= Source data =
(* Let $\mathbf{M}$ be a nonsingular $D\times D$ integer matrix and $\bm{\Gamma}_1,\dots,\bm{\Gamma}_L$ ($L\ge2$) nonsingular $D\times D$ integer matrices that are pairwise commutative and coprime; set $\mathbf{M}_i=\mathbf{M}\bm{\Gamma}_i$. Fix unimodular $\mathbf{U}_1$ and let $\mathbf{m}\in\mathcal{A}_1$ with remainders $\mathbf{r}_i=\langle\mathbf{m}\rangle_{\mathbf{M}_i}$ and folding vectors $\mathbf{n}_i$ (so $\mathbf{m}=\mathbf{M}_i\mathbf{n}_i+\mathbf{r}_i$). Let $\widetilde{\mathbf{r}}_i=\mathbf{r}_i+\triangle\mathbf{r}_i\in\mathbb{Z}^D$ be erroneous remainders, and let $\widetilde{\mathbf{n}}_1,\dots,\widetilde{\mathbf{n}}_L$ be the output of Algorithm 1 applied to $\widetilde{\mathbf{r}}_1,\dots,\widetilde{\mathbf{r}}_L$. Define $\bm{\theta}_i=Q_{\mathbf{M}}(\triangle\mathbf{r}_i-\triangle\mathbf{r}_1)$ for $2\le i\le L$. Then $\widetilde{\mathbf{n}}_i=\mathbf{n}_i$ for all $1\le i\le L$ if and only if $\bm{\theta}_i=\mathbf{0}$ for all $2\le i\le L$. Moreover: (1) if $\lVert\triangle\mathbf{r}_i-\triangle\mathbf{r}_1\rVert<\lambda_{\mathrm{LAT}(\mathbf{M})}/2$ for all $2\le i\le L$, then $\bm{\theta}_i=\mathbf{0}$ for all $i\ge2$; (2) if $\lVert\triangle\mathbf{r}_i\rVert\le\tau$ for all $i$ and $\tau<\lambda_{\mathrm{LAT}(\mathbf{M})}/4$, then $\bm{\theta}_i=\mathbf{0}$ for all $i\ge2$. When the folding vectors are correctly determined, $\widetilde{\mathbf{m}}=\frac1L\sum_{i=1}^L(\mathbf{M}_i\mathbf{n}_i+\widetilde{\mathbf{r}}_i)$ satisfies $\lVert\widetilde{\mathbf{m}}-\mathbf{m}\rVert\le\tau$ whenever $\lVert\triangle\mathbf{r}_i\rVert\le\tau$ for all $i$.
   Context: All matrices are $D\times D$; unimodular means integer with determinant $\pm1$; commuting nonsingular integer matrices are coprime if all their common left (equivalently right) divisors are unimodular. $\mathrm{LAT}(\mathbf{M})=\{\mathbf{M}\mathbf{n}:\mathbf{n}\in\mathbb{Z}^D\}$. $\mathcal{N}(\mathbf{A})=\{\mathbf{k}\in\mathbb{Z}^D:\mathbf{k}=\mathbf{A}\mathbf{x},\ \mathbf{x}\in[0,1)^D\}$; $\langle\mathbf{m}\rangle_{\mathbf{A}}$ is the unique $\mathbf{r}\in\mathcal{N}(\mathbf{A})$ with $\mathbf{m}-\mathbf{r}\in\mathrm{LAT}(\mathbf{A})$; $\mathbf{x}\equiv\mathbf{y}\bmod\mathbf{A}$ means $\mathbf{x}-\mathbf{y}\in\mathrm{LAT}(\mathbf{A})$. $\mathcal{A}_1=\{\mathbf{m}\in\mathbb{Z}^D:\lfloor\mathbf{M}_1^{-1}\mathbf{m}\rfloor\in\mathcal{N}(\bm{\Gamma}_2\bm{\Gamma}_3\cdots\bm{\Gamma}_L\mathbf{U}_1)\}$ (componentwise floor). $\lVert\cdot\rVert$ is a fixed norm on $\mathbb{R}^D$; $\lambda_{\mathrm{LAT}(\mathbf{M})}=\min\{\lVert\mathbf{v}\rVert:\mathbf{v}\in\mathrm{LAT}(\mathbf{M})\setminus\{\mathbf{0}\}\}$. $Q_{\mathbf{M}}:\mathbb{R}^D\to\mathrm{LAT}(\mathbf{M})$ is a fixed closest-lattice-point map, $Q_{\mathbf{M}}(\mathbf{w})\in\arg\min_{\mathbf{v}\in\mathrm{LAT}(\mathbf{M})}\lVert\mathbf{v}-\mathbf{w}\rVert$, chosen so that $Q_{\mathbf{M}}(\mathbf{w}+\mathbf{l})=Q_{\mathbf{M}}(\mathbf{w})+\mathbf{l}$ for $\mathbf{l}\in\mathrm{LAT}(\mathbf{M})$. Algorithm 1: (i) $\mathbf{v}_i=Q_{\mathbf{M}}(\widetilde{\mathbf{r}}_i-\widetilde{\mathbf{r}}_1)$, $2\le i\le L$; (ii) $\bm{\zeta}_i=\langle\mathbf{M}^{-1}\mathbf{v}_i\rangle_{\bm{\Gamma}_i}$; (iii) $\bm{\chi}_1$ is the unique element of $\mathcal{N}(\bm{\Gamma}_1\bm{\Gamma}_2\cdots\bm{\Gamma}_L\mathbf{U}_1)$ with $\bm{\chi}_1\equiv\mathbf{0}\bmod\bm{\Gamma}_1$ and $\bm{\chi}_1\equiv\bm{\zeta}_i\bmod\bm{\Gamma}_i$ for $2\le i\le L$; (iv) $\widetilde{\mathbf{n}}_1=\bm{\Gamma}_1^{-1}\bm{\chi}_1$ and $\widetilde{\mathbf{n}}_i=\bm{\Gamma}_i^{-1}(\bm{\chi}_1-\mathbf{M}^{-1}\mathbf{v}_i)$ for $2\le i\le L$. *)

From HB Require Import structures.
From mathcomp Require Import all_boot all_order all_algebra.
Set Implicit Arguments. Unset Strict Implicit. Unset Printing Implicit Defensive.
Import Order.TTheory GRing.Theory Num.Theory.
Local Open Scope ring_scope.

Definition intm (R : numDomainType) m n (A : 'M[int]_(m, n)) : 'M[R]_(m, n) :=
  map_mx (fun z : int => z%:~R) A.

Definition unimodular D (U : 'M[int]_D) : Prop := \det U = 1 \/ \det U = -1.

Definition ldivides D (X A : 'M[int]_D) : Prop := exists Y : 'M[int]_D, A = X *m Y.

Definition coprime_mx D (A B : 'M[int]_D) : Prop :=
  forall X : 'M[int]_D, ldivides X A -> ldivides X B -> unimodular X.

Definition in_lat D (A : 'M[int]_D) (v : 'cV[int]_D) : Prop :=
  exists n : 'cV[int]_D, v = A *m n.

Definition congr_mx D (A : 'M[int]_D) (x y : 'cV[int]_D) : Prop := in_lat A (x - y).

Definition in_N D (A : 'M[int]_D) (k : 'cV[int]_D) : Prop :=
  exists x : 'cV[rat]_D, (forall i, 0 <= x i 0 /\ x i 0 < 1) /\
    intm rat k = intm rat A *m x.

(* r = <m>_A : r \in N(A) and m - r \in LAT(A) (r is unique) *)
Definition is_rem D (A : 'M[int]_D) (m r : 'cV[int]_D) : Prop :=
  in_N A r /\ in_lat A (m - r).

Definition floor_vec D (x : 'cV[rat]_D) : 'cV[int]_D := map_mx (@Num.floor rat) x.

(* ordered product Gamma_a Gamma_(a+1) ... Gamma_b *)
Definition prod_mx D (G : nat -> 'M[int]_D) (a b : nat) : 'M[int]_D :=
  foldr (fun i P => G i *m P) 1%:M (iota a (b.+1 - a)).

Definition in_A1 D L (M : 'M[int]_D) (G : nat -> 'M[int]_D) (U1 : 'M[int]_D)
  (m : 'cV[int]_D) : Prop :=
  in_N (prod_mx G 2 L *m U1)
       (floor_vec (invmx (intm rat (M *m G 1%N)) *m intm rat m)).

Definition is_norm (R : realFieldType) D (nrm : 'cV[R]_D -> R) : Prop :=
  (forall v, 0 <= nrm v) /\ (forall v, nrm v = 0 -> v = 0) /\
  (forall (a : R) v, nrm (a *: v) = `|a| * nrm v) /\
  (forall u v, nrm (u + v) <= nrm u + nrm v).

= Exercise description =
Using the data above, repeat exactly the lines that begin at the line with "exists n : 'cV[int]_D, v = A *m n." and end at the line with "foldr (fun i", both ends included.

= Reply =
  exists n : 'cV[int]_D, v = A *m n.

Definition congr_mx D (A : 'M[int]_D) (x y : 'cV[int]_D) : Prop := in_lat A (x - y).

Definition in_N D (A : 'M[int]_D) (k : 'cV[int]_D) : Prop :=
  exists x : 'cV[rat]_D, (forall i, 0 <= x i 0 /\ x i 0 < 1) /\
    intm rat k = intm rat A *m x.

(* r = <m>_A : r \in N(A) and m - r \in LAT(A) (r is unique) *)
Definition is_rem D (A : 'M[int]_D) (m r : 'cV[int]_D) : Prop :=
  in_N A r /\ in_lat A (m - r).

Definition floor_vec D (x : 'cV[rat]_D) : 'cV[int]_D := map_mx (@Num.floor rat) x.

(* ordered product Gamma_a Gamma_(a+1) ... Gamma_b *)
Definition prod_mx D (G : nat -> 'M[int]_D) (a b : nat) : 'M[int]_D :=
  foldr (fun i P => G i *m P) 1%:M (iota a (b.+1 - a)).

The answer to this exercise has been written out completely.